[Start of section]

(* Let $k$ be an algebraically closed field and $\ell\neq\mathrm{char}(k)$ a prime. Then: (a) An element of $\mathrm{Aut}(\mathbb P^1_k)$ is parabolic if and only if it is uniquely $\ell$-divisible. (b) A subgroup of $\mathrm{Aut}(\mathbb P^1_k)$ is the stabiliser of some point $P\in\mathbb P^1(k)$ if and only if it is the normaliser of the centraliser of some parabolic element.
   Context: An automorphism of $\mathbb P^1_k$ is parabolic if it has exactly one fixed point in $\mathbb P^1(k)$. An element $x$ of a group $G$ is uniquely $\ell$-divisible if there is exactly one $y\in G$ with $y^\ell=x$. *)

(* Aut(P^1_k) = PGL_2(k), represented by invertible 2x2
   matrices modulo nonzero scalars; P^1(k) = nonzero column vectors modulo
   nonzero scalars. *)
From HB Require Import structures.
From mathcomp Require Import all_boot all_order all_algebra all_field.
Set Implicit Arguments. Unset Strict Implicit. Unset Printing Implicit Defensive.
Import GRing.Theory.
Local Open Scope ring_scope.

Section PGL2.
Variable k : fieldType.

Definition projeq m n (A B : 'M[k]_(m, n)) : Prop :=
  exists c : k, c != 0 /\ A = c *: B.

Definition fixes_pt (A : 'M[k]_2) (v : 'cV[k]_2) : Prop :=
  v != 0 /\ exists c : k, A *m v = c *: v.

Definition parabolic (A : 'M[k]_2) : Prop :=
  exists v, fixes_pt A v /\ forall w, fixes_pt A w -> projeq w v.

Definition uniq_divisible (l : nat) (A : 'M[k]_2) : Prop :=
  (exists y : 'M[k]_2, y \in unitmx /\ projeq (y ^+ l) A) /\
  (forall y y' : 'M[k]_2, y \in unitmx -> y' \in unitmx ->
     projeq (y ^+ l) A -> projeq (y' ^+ l) A -> projeq y y').

(* subgroups of PGL_2(k): scalar-saturated subgroups of GL_2(k) containing
   the scalars *)
Definition pgl_subgroup (H : 'M[k]_2 -> Prop) : Prop :=
  [/\ forall A, H A -> A \in unitmx,
      forall A B, projeq A B -> H B -> H A,
      H 1,
      forall A B, H A -> H B -> H (A *m B)
    & forall A, H A -> H (invmx A)].

Definition same_subgroup (H K : 'M[k]_2 -> Prop) : Prop :=
  forall A, A \in unitmx -> (H A <-> K A).

Definition stabiliser (v : 'cV[k]_2) : 'M[k]_2 -> Prop :=
  fun A => A \in unitmx /\ exists c : k, A *m v = c *: v.

Definition centraliser (x : 'M[k]_2) : 'M[k]_2 -> Prop :=
  fun A => A \in unitmx /\ projeq (A *m x) (x *m A).

Definition normaliser (C : 'M[k]_2 -> Prop) : 'M[k]_2 -> Prop :=
  fun A => A \in unitmx /\
    forall B, B \in unitmx -> (C B <-> C (A *m B *m invmx A)).

End PGL2.

(* Conjugation preserves all the notions involved, and every invertible 2x2
   matrix over an algebraically closed field is conjugate either to a shear
   [[p, q], [0, p]] with q != 0 (exactly when it is parabolic) or to a diagonal
   matrix.  An l-th root of a shear commutes with it, so it is a multiple of
   [[1, b], [0, 1]], and b is forced because l is invertible in k.  A diagonal
   matrix diag(a, d) has the non-proportional l-th roots diag(r, s) and
   diag(zeta r, s), with zeta a nontrivial l-th root of unity.  Finally the
   centraliser of a shear consists of the matrices [[a, b], [0, a]], so its
   normaliser is the upper triangular group, the stabiliser of e1. *)

From HB Require Import structures.
From mathcomp Require Import all_boot all_order all_algebra all_field.
From mathcomp Require Import ring.
From Stdlib Require Import Classical.
Import GRing.Theory.
Local Open Scope ring_scope.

[End of section]

## PROMPT
Down to the last line, reproduce the entries above precisely.

## EXERCISE ANSWER
(* Let $k$ be an algebraically closed field and $\ell\neq\mathrm{char}(k)$ a prime. Then: (a) An element of $\mathrm{Aut}(\mathbb P^1_k)$ is parabolic if and only if it is uniquely $\ell$-divisible. (b) A subgroup of $\mathrm{Aut}(\mathbb P^1_k)$ is the stabiliser of some point $P\in\mathbb P^1(k)$ if and only if it is the normaliser of the centraliser of some parabolic element.
   Context: An automorphism of $\mathbb P^1_k$ is parabolic if it has exactly one fixed point in $\mathbb P^1(k)$. An element $x$ of a group $G$ is uniquely $\ell$-divisible if there is exactly one $y\in G$ with $y^\ell=x$. *)

(* Aut(P^1_k) = PGL_2(k), represented by invertible 2x2
   matrices modulo nonzero scalars; P^1(k) = nonzero column vectors modulo
   nonzero scalars. *)
From HB Require Import structures.
From mathcomp Require Import all_boot all_order all_algebra all_field.
Set Implicit Arguments. Unset Strict Implicit. Unset Printing Implicit Defensive.
Import GRing.Theory.
Local Open Scope ring_scope.

Section PGL2.
Variable k : fieldType.

Definition projeq m n (A B : 'M[k]_(m, n)) : Prop :=
  exists c : k, c != 0 /\ A = c *: B.

Definition fixes_pt (A : 'M[k]_2) (v : 'cV[k]_2) : Prop :=
  v != 0 /\ exists c : k, A *m v = c *: v.

Definition parabolic (A : 'M[k]_2) : Prop :=
  exists v, fixes_pt A v /\ forall w, fixes_pt A w -> projeq w v.

Definition uniq_divisible (l : nat) (A : 'M[k]_2) : Prop :=
  (exists y : 'M[k]_2, y \in unitmx /\ projeq (y ^+ l) A) /\
  (forall y y' : 'M[k]_2, y \in unitmx -> y' \in unitmx ->
     projeq (y ^+ l) A -> projeq (y' ^+ l) A -> projeq y y').

(* subgroups of PGL_2(k): scalar-saturated subgroups of GL_2(k) containing
   the scalars *)
Definition pgl_subgroup (H : 'M[k]_2 -> Prop) : Prop :=
  [/\ forall A, H A -> A \in unitmx,
      forall A B, projeq A B -> H B -> H A,
      H 1,
      forall A B, H A -> H B -> H (A *m B)
    & forall A, H A -> H (invmx A)].

Definition same_subgroup (H K : 'M[k]_2 -> Prop) : Prop :=
  forall A, A \in unitmx -> (H A <-> K A).

Definition stabiliser (v : 'cV[k]_2) : 'M[k]_2 -> Prop :=
  fun A => A \in unitmx /\ exists c : k, A *m v = c *: v.

Definition centraliser (x : 'M[k]_2) : 'M[k]_2 -> Prop :=
  fun A => A \in unitmx /\ projeq (A *m x) (x *m A).

Definition normaliser (C : 'M[k]_2 -> Prop) : 'M[k]_2 -> Prop :=
  fun A => A \in unitmx /\
    forall B, B \in unitmx -> (C B <-> C (A *m B *m invmx A)).

End PGL2.

(* Conjugation preserves all the notions involved, and every invertible 2x2
   matrix over an algebraically closed field is conjugate either to a shear
   [[p, q], [0, p]] with q != 0 (exactly when it is parabolic) or to a diagonal
   matrix.  An l-th root of a shear commutes with it, so it is a multiple of
   [[1, b], [0, 1]], and b is forced because l is invertible in k.  A diagonal
   matrix diag(a, d) has the non-proportional l-th roots diag(r, s) and
   diag(zeta r, s), with zeta a nontrivial l-th root of unity.  Finally the
   centraliser of a shear consists of the matrices [[a, b], [0, a]], so its
   normaliser is the upper triangular group, the stabiliser of e1. *)

From HB Require Import structures.
From mathcomp Require Import all_boot all_order all_algebra all_field.
From mathcomp Require Import ring.
From Stdlib Require Import Classical.
Import GRing.Theory.
Local Open Scope ring_scope.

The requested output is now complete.